The Optical Measurement and Quantitative Analysis of Algesia in Spodoptera litura Larva

  • Chen, Ying-Yun (Department of Optics and Photonics, National Central University) ;
  • Chang, Rong-Seng (Department of Optics and Photonics, National Central University) ;
  • Tsai, Mi-Yin (Department of Optics and Photonics, National Central University) ;
  • Chen, Der-Chin (Department of Electrical Engineering, Feng Chia University)
  • Received : 2014.12.04
  • Accepted : 2015.03.09
  • Published : 2015.04.25


Muscle vibration measurement has long been an unique scientific study, in general, and the direct reaction of animals to feel pain (algesia), either from vascular or muscle contraction, is a complex perceptual experience. Thus this paper proposes a way to measure animal algesia quantitatively, by measuring the changes in muscle vibration due to a pinprick on the surface of the skin of a Spodoptera litura larva. Using the laser optical triangulation measurement principle, along with a CMOS image sensor, linear laser, software analysis, and other tools, we quantify the subtle object point displacement, with a precision of up to $10{\mu}m$, for our chosen Spodoptera litura larva animal model, in which it is not easy to identify the tiny changes in muscle contraction dynamics with the naked eye. We inject different concentrations of formalin reagent (empty needle, 12% formalin, and 37% formalin) to obtain a variety of different muscle vibration frequencies as the experimental results. Because of the high concentrations of reagent applied, we see a high frequency shift of muscle vibration, which can be presented as pain indices, so that the algesia can be quantified.

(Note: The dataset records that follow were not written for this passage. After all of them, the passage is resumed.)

(* The Z-fold cover G': vertices V * int, oriented edges D * int;
   the lift (e, j) of e goes from (src e, j) to (tgt e, j + d e). *)
Section Cover.
Variables (V D : finType) (rev : D -> D) (src : D -> V) (d : D -> int).

Definition cover_src (x : D * int) : V * int := (src x.1, x.2).
Definition cover_tgt (x : D * int) : V * int := (src (rev x.1), x.2 + d x.1).
Definition cover_rev (x : D * int) : D * int := (rev x.1, x.2 + d x.1).

(* a simple loop in G': a nonempty cyclic edge path p = [x_0; ...; x_{L-1}]
   (tgt x_i = src x_{i+1}, cyclically), with no repeated vertices and not
   traversing any (unoriented) edge twice; its length is size p. *)
Definition cover_simple_loop (p : seq (D * int)) : Prop :=
  [/\ (0 < size p)%N,
      cycle (fun x y => cover_tgt x == cover_src y) p,
      uniq (map cover_src p) &
      forall x, x \in p -> cover_rev x \notin p].
End Cover.

From mathcomp Require Import all_boot all_order all_algebra zify.
Import Order.TTheory GRing.Theory Num.Theory.
Set Implicit Arguments. Unset Strict Implicit. Unset Printing Implicit Defensive.
Local Open Scope ring_scope.

(* Fix a dart e0 of G.  By 3-regularity every dart has exactly two non-backtracking
   continuations, so the choice sequences in {0,1}^R give 2^R distinct non-backtracking
   walks of length R in G' starting right after (e0, 0).  Each step changes the height
   by at most k, so all endpoints lie among #|V| (2kR + 1) <= 2m (2kR + 1) < 2^R points
   once R is large in terms of k and m, and two of the walks end at the same vertex.
   Dropping their common prefix and following the rest of one walk backwards and then the
   rest of the other gives a closed walk of length at most 2R which backtracks nowhere
   except possibly at its base point; cutting out closed subwalks between repeated
   vertices finally leaves a simple loop. *)

Lemma uniq_map_inj (T U : eqType) (f : T -> U) (s : seq T) :
  uniq (map f s) -> {in s &, injective f}.
Proof.
elim: s => //= x s IH /andP[fx_s us] a b; rewrite !inE.
case/orP=> [/eqP->|a_s]; case/orP=> [/eqP->|b_s] // eq_f.
- by move: fx_s; rewrite eq_f map_f.
- by move: fx_s; rewrite -eq_f map_f.
- exact: IH.
Qed.

Lemma map_not_uniq_split (T U : eqType) (f : T -> U) (s : seq T) :
  ~~ uniq (map f s) ->
  exists s1 x s2 y s3, s = s1 ++ x :: s2 ++ y :: s3 /\ f x = f y.
Proof.
elim: s => //= z s IH; rewrite negb_and negbK => /orP[/mapP[y y_s fzy] | /IH].
  by case/splitPr: y_s => s2 s3; exists [::], z, s2, y, s3.
by case=> s1 [x [s2 [y [s3 [-> fxy]]]]]; exists (z :: s1), x, s2, y, s3.
Qed.

Lemma exists_lin_lt_exp2 a b : exists n, (a * n + b < 2 ^ n)%N.
Proof.
pose j := (2 * a + b + 1)%N; exists (j + j)%N.
have := ltn_expl j (ltnSn 1); rewrite expnD /j; set X := (2 ^ _)%N; nia.
Qed.

Lemma pigeonhole_bounded_height (T U : finType) (f : T -> U * int) c (K : nat) :
  (forall t, `|(f t).2 - c| <= K%:Z) -> (#|U| * (2 * K).+1 < #|T|)%N ->
  exists t1, exists2 t2, t1 != t2 & f t1 = f t2.
Proof.
move=> f_bounded card_lt.
pose g t : U * 'I_(2 * K).+1 := ((f t).1, inord (absz ((f t).2 - c + K%:Z))).
have /injectivePn[t1 [t2 t12 g12]] : ~~ injectiveb g.
  apply/injectiveP=> /leq_card; rewrite card_prod card_ord; lia.
exists t1; exists t2 => //; case: g12 (f_bounded t1) (f_bounded t2).
case: (f t1) (f t2) => [u1 h1] [u2 h2] /= -> /(congr1 val) /= h12 b1 b2.
by rewrite !inordK in h12; [congr (_, _)|..]; lia.
Qed.

Section BaseGraph.
Variables (V D : finType) (rv : D -> D) (src : D -> V).

Lemma card_darts_le_edges : (#|D| <= 2 * #|edge_set rv|)%N.
Proof.
have D_cover : [set: D] \subset cover (edge_set rv).
  apply/subsetP=> e _; apply/bigcupP; exists [set e; rv e]; last by rewrite !inE eqxx.
  exact: imset_f.
rewrite -cardsT mulnC -sum_nat_const (leq_trans (subset_leq_card D_cover)) //.
rewrite (leq_trans (leq_card_cover _).1) //.
by apply: leq_sum => _ /imsetP[e _ ->]; rewrite cards2; case: (_ != _).
Qed.

Hypothesis reg : three_regular src.

Lemma card_vertices_le_darts : (#|V| <= #|D|)%N.
Proof.
rewrite -cardsT -[#|D|]cardsT (leq_trans _ (leq_imset_card src _)) //.
apply/subset_leq_card/subsetP=> v _.
have /card_gt0P[e] : (0 < #|[set e | src e == v]|)%N by rewrite reg.
by rewrite inE => /eqP <-; apply: imset_f.
Qed.

Definition successors (x : D) : {set D} := [set f | src f == src (rv x)] :\ rv x.

Lemma card_successors x : #|successors x| = 2%N.
Proof.
have := reg (src (rv x)); rewrite (cardsD1 (rv x)) !inE eqxx /successors; lia.
Qed.

Definition branch x (b : bool) : D := nth x (enum (successors x)) b.

Lemma branch_successor x b : branch x b \in successors x.
Proof. by rewrite -mem_enum mem_nth // -cardE card_successors; case: b. Qed.

Lemma src_branch x b : src (branch x b) = src (rv x).
Proof. by have := branch_successor x b; rewrite !inE => /andP[_ /eqP]. Qed.

Lemma branch_neq_rev x b : branch x b != rv x.
Proof. by have := branch_successor x b; rewrite !inE => /andP[]. Qed.

Lemma branch_inj x : injective (branch x).
Proof.
have size_enum : size (enum (successors x)) = 2%N by rewrite -cardE card_successors.
by move=> [] [] /eqP; rewrite nth_uniq ?enum_uniq ?size_enum.
Qed.

End BaseGraph.

Section Cover.
Variables (V D : finType) (rv : D -> D) (src : D -> V) (d : D -> int).
Hypothesis rvK : involutive rv.
Hypothesis rv_neq : forall e, rv e != e.
Hypothesis d_rv : forall e, d (rv e) = - d e.

Local Notation cs := (cover_src src).
Local Notation ct := (cover_tgt rv src d).
Local Notation cr := (cover_rev rv d).

Lemma cover_revK : involutive cr.
Proof. by case=> e j; rewrite /cover_rev /= rvK d_rv addrK. Qed.

Lemma cover_src_rev x : cs (cr x) = ct x.
Proof. by []. Qed.

Lemma cover_tgt_rev x : ct (cr x) = cs x.
Proof. by case: x => e j; rewrite /cover_tgt /cover_src /= rvK d_rv addrK. Qed.

Lemma cover_rev_neq x : cr x != x.
Proof. by case: x => e j; rewrite /cover_rev xpair_eqE negb_and rv_neq. Qed.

For an animal, algesia is a complex perceptual experience. Putting aside the cause of the algesia and the pathway of message transduction, mostly it is expressed by means of body twitching and muscle or vascular contraction, when an animal is subjected to certain external stimuli, and it cannot be expressed in words or actions of such unpleasant degree. Most experimental research on animal algesia is the observation of biological responses to pain, such as tail swinging, screaming, and twitching rates of limbs, but these behaviors are unstable and less objective measurements [1-11].

In previous studies, there have been many algesia experiments using acidic reagents to cause pain, and formalin has been found to have the strongest effect for causing feelings of pain in animals. For example, Rosland and Candelletti injected formalin into mice [12, 13]; Shima adapted it to cats [14]; Alreja chose primates [15]; Carli used rabbits [16]; Takahashi used guinea pigs in experiments [17]; Kanui used crocodiles [18]; Hughes focused on domestic fowl [19]; and Pelissier selected Octodon degus [20]. All of them chose formalin as a pain reagent for different kinds of animals, and have provided us sufficient research data. Thus, in this study we, too, choose formalin.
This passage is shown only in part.